In the first instance, an 11-day-old female baby presented with facial dysmorphism, jaundice, and low birth weight. The baby had a prominent occiput, small mouth, and a flat nasal bridge. Left foot had a proximally displaced great toe. Right foot had proximally displaced and dorsiflexed toes with synechiae between first and second and third and fourth toes. Clenched fists were seen. Hypertonia was present. The karyotype of the baby was found to be normal, 46, XX [Figure 6]. In the second, a 14-year-old male presented with mental retardation and anemia. The child had a flat facial profile with a flat depressed nasal bridge. Epicanthal folds were present. Neck appeared shorter. Mild scoliosis was present. There was a lateral deviation of the first toe of the left foot. Abdomen was distended.

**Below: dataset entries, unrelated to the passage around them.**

(* Let $k\ge2$ be a constant integer. There is a constant $C>0$ such that, with probability $1-o(1)$ as $n\to\infty$, the random $k$-tree $G(n)$ has the following property: for every path $u_hu_{h-1}\cdots u_0$ in $G(n)$ such that $u_i$ is born strictly later than $u_{i-1}$ for all $1\le i\le h$, we have $h\le C\log n$.
   Context: Random $k$-tree process: $G(0)$ is a clique on $k$ vertices (its vertices are born in round $0$); for $t\ge1$, $G(t)$ is obtained from $G(t-1)$ by choosing a $k$-clique of $G(t-1)$ uniformly at random, creating a new vertex (born in round $t$), and joining it to all vertices of the chosen clique. *)

From mathcomp Require Import all_boot.
From Stdlib Require Import Reals ClassicalEpsilon.

Set Implicit Arguments.
Unset Strict Implicit.
Unset Printing Implicit Defensive.

(* The initial k-clique has vertices 0..k-1
   (born in round 0); the vertex created in round t (t >= 1) is k + t - 1.
   A history h : seq (seq nat) records the chosen k-clique of each round:
   nth [::] h t is the clique chosen in round t+1, to which vertex k + t is
   joined.  G(h) has vertex set {0, ..., k + size h - 1}. *)

Definition adj (k : nat) (h : seq (seq nat)) (x y : nat) : bool :=
  [|| [&& x < k, y < k & x != y],
      has (fun t => (y == k + t) && (x \in nth [::] h t)) (iota 0 (size h))
    | has (fun t => (x == k + t) && (y \in nth [::] h t)) (iota 0 (size h))].

Fixpoint subsk (m : nat) (s : seq nat) : seq (seq nat) :=
  match m, s with
  | 0, _ => [:: [::]]
  | m'.+1, [::] => [::]
  | m'.+1, x :: s' => map (cons x) (subsk m' s') ++ subsk m s'
  end.
Theorem lemma3p4 (r s n : nat) (hr : (1 <= r)%N) (hs : (1 <= s)%N) (hn : (1 <= n)%N)
  (lam mu : algC) :
  is_spectral_radius (adjmx (turan_adj r n)) lam ->
  is_spectral_radius (adjmx (join_indep_turan_adj s r n)) mu ->
  let d0 : algC := 2 * ((nedges (turan_adj r n))%:R - 1) / n%:R in
  n%:R * (mu + d0) / (mu ^+ 2 - lam ^+ 2) < mu / s%:R.
Proof.
move=> lam_rad mu_rad /=.
have nE := natr_divn_eq algR n r.
have t_lt_r : (n %% r)%:R + 1 <= r%:R :> algR by rewrite natr1 ler_nat ltn_pmod.
have [a_ge0 t_ge0] : 0 <= (n %/ r)%:R :> algR /\ 0 <= (n %% r)%:R :> algR.
  by rewrite !ler0n.
have [n_ge1 s_ge1] : 1 <= n%:R :> algR /\ 1 <= s%:R :> algR by rewrite !ler1n.
have [l [l_ge0 c_le lE Sl]] := turan_root_exists a_ge0 t_ge0 t_lt_r nE n_ge1.
have [m [l_lt_m Sm mE]] :=
  join_root_exists a_ge0 t_ge0 t_lt_r nE n_ge1 s_ge1 l_ge0 c_le lE.
have -> : lam = algRval l.
  apply: (turan_spectral_radius hr hn l_ge0 _ lam_rad).
  have Sl1 : turan_secular r n l = 1 by rewrite turan_secularE.
  by rewrite -fmorph_turan_secular Sl1 rmorph1.
have -> : mu = algRval m.
  apply: (join_spectral_radius hr hs (le_lt_trans l_ge0 l_lt_m) _ mu_rad).
  have Sm1 : turan_secular r n m = m / (m + s%:R) by rewrite turan_secularE.
  by rewrite -fmorph_turan_secular Sm1 fmorph_div rmorphD rmorph_nat.
have gap_ge0 := gap_ge0_nat nE erefl erefl erefl (ltn_pmod n hr).
have := join_root_ineq a_ge0 t_ge0 t_lt_r nE n_ge1 s_ge1 l_ge0 c_le lE l_lt_m mE gap_ge0.
(* The order of algR is the order of algC restricted to the reals. *)
rewrite -(nedges_turan algR n hr) natrM mulrBr mulr1 -[_ < _]/(algRval _ < algRval _).
by rewrite !(rmorphM, fmorphV, rmorphD, rmorphN, rmorphB, rmorphXn, rmorph_nat, rmorph1).
Qed.
(* Let $G=B_{n_0,\dots,n_g}$ be a banana graph of genus $g\ge2$, consider the twice-marked graph $(G,u,v)=(G,v_{0,0},v_{0,n_0})$ with torsion order $k$, and let $D=g\,v_{0,n_0}$. If $D$ is submodular, then $\tau^{u,v}_D(b)=g-b$ for all $0\le b\le g$; consequently $k\ge g$ and $\mathrm{inv}_k(\tau^{u,v}_D)\ge\binom{g+1}{2}$.
   Context: A graph is a finite, connected, loopless multigraph (parallel edges allowed); its genus is $g=|E(G)|-|V(G)|+1$. A divisor is an element of the free abelian group on $V(G)$. Linear equivalence $\sim$ is generated by chip-firing (firing $w$ subtracts $\mathrm{val}(w)$ chips from $w$ and adds to each other vertex the number of edges joining it to $w$). The rank $r(D)$ is $-1$ if $D$ is not equivalent to an effective divisor, else the largest $r\ge0$ such that $D-E$ is equivalent to an effective divisor for every effective $E$ of degree $r$. $\delta(P)$ is $1$ if $P$ holds and $0$ otherwise. A twice-marked graph $(G,u,v)$ is a graph with two chosen vertices; its torsion order is the least $k\ge1$ with $ku\sim kv$. A twist of $D$ is $D+au+bv$. $\Delta(D)=r(D)-r(D-u)-r(D-v)+r(D-u-v)$. $D$ is submodular if $\Delta(D')\ge0$ for all twists $D'$. If $D$ is submodular, its transmission permutation $\tau^{u,v}_D$ is the unique bijection $\mathbb Z\to\mathbb Z$ with $\delta(\tau^{u,v}_D(b)=a)=\Delta(D+au-bv)$ for all $a,b$; it satisfies $\tau^{u,v}_D(n+k)=\tau^{u,v}_D(n)+k$ when $ku\sim kv$. An inversion of a bijection $\tau$ is a pair $(a,b)$ with $a<b$, $\tau(a)>\tau(b)$; two inversions $(a,b),(a',b')$ are $k$-equivalent if $a-a'=b-b'\equiv0\pmod k$; $\mathrm{inv}_k(\tau)$ is the number of classes. For positive integers $n_0,\dots,n_g$, the banana graph $B_{n_0,\dots,n_g}$ is obtained by joining two vertices by $g+1$ internally disjoint paths of lengths $n_0,\dots,n_g$; it has genus $g$. Its vertices are labelled $v_{\alpha,i}$ ($0\le\alpha\le g$, $0\le i\le n_\alpha$), with $v_{\alpha,i}$ at distance $i$ from $v_{0,0}$ along the $\alpha$-th path; $v_{0,0}$ and $v_{0,n_0}$ are the two multivalent vertices. *)

From HB Require Import structures.
From mathcomp Require Import all_boot all_order all_algebra.
From Stdlib Require Import ClassicalEpsilon.
Set Implicit Arguments.
Unset Strict Implicit.
Unset Printing Implicit Defensive.
Import Order.TTheory GRing.Theory Num.Theory.
Local Open Scope ring_scope.

(* Chip-firing on a loopless multigraph with vertex set V and edge     *)
(* multiplicity m : V -> V -> nat (m x y = number of edges x -- y).    *)
Section ChipFiring.
Variables (V : finType) (m : V -> V -> nat).

Definition divisor := V -> int.
Lemma lifted_polyhedron_sub_hulls x : lifted_polyhedron (R:=R) a d x ->
  exists2 s, s \in S & conv (0 :: map a' (cone_indices c s)) x /\
                       conv (0 :: map a' (enum 'I_(m + c))) x.
Proof.
move=> hx; have [_ _ _ _ complete] := fan.
have [s hs [lam [lam0 hbase]]] := complete (lsubmx x).
pose mu := fiber_excess d s lam x.
have mu0 j : 0 <= mu j by exact: (fiber_excess_ge0 hbase hs (nef_L j) hx).
have sum_le1 := cone_weights_le1 hbase hs nef_twist hx.
have w0 := lift_weight_ge0 s lam0 mu0.
have hdec := lift_decomposition d hbase; exists s => //; split.
  apply: (conv_of_weights w0).
    by rewrite (sum_lift_weight_cone _ _ _ (fun r _ => r)); exact: sum_le1.
  by rewrite (sum_lift_weight_cone _ _ _ (fun r k => r *: a' k)); exact: hdec.
apply: (conv_of_weights w0).
  by rewrite (sum_lift_weight_full _ _ _ (fun r _ => r)) //; exact: sum_le1.
rewrite (sum_lift_weight_full _ _ _ (fun r k => r *: a' k)) => [|k]; first exact: hdec.
exact: scale0r.
Qed.

End WsetDescription.

Unset Implicit Arguments.

Theorem lemma5p3 (R : realFieldType) (n m c : nat)
  (a : 'I_m -> 'rV[int]_n) (S : {set {set 'I_m}}) (d : 'I_c -> 'I_m -> nat) :
  complete_smooth_fan R a S ->
  (forall j : 'I_c, nef_divisor R a S (fun i => (d j i)%:Z)) ->
  nef_divisor R a S (fun i => 1 - \sum_(j < c) (d j i)%:Z) ->
  convex_set (Wset (R:=R) a d S) /\
  (forall x, Wset (R:=R) a d S x <->
     conv (0 :: [seq aprime R a d k | k <- enum 'I_(m + c)]) x).
Proof.
move=> fan nef_L nef_twist.
have Wset_lifted x : Wset a d S x <-> lifted_polyhedron (R:=R) a d x.
  split; first exact: Wset_sub_lifted_polyhedron.
  by case/(lifted_polyhedron_sub_hulls fan nef_L nef_twist)=> s hs [hW _];
     apply/Wset_cone_indices; exists s.
split.
  move=> x y t /Wset_lifted hx /Wset_lifted hy t0 t1.
  exact/Wset_lifted/lifted_polyhedron_convex.
move=> x; split=> [/Wset_lifted | /conv_sub_lifted_polyhedron /Wset_lifted //].
by case/(lifted_polyhedron_sub_hulls fan nef_L nef_twist)=> s _ [].
Qed.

Karyotype of the child was normal, 46, XY [Figure 7]. In the third, a 21-year-old male presented with hypoplasia of the penis and small testis since childhood. Secondary sexual characteristics were absent with no pubic hair and axillary hair. Learning disabilities were present since childhood. Tall and slim stature was also noted. Karyotype showed a normal result, 46 XY.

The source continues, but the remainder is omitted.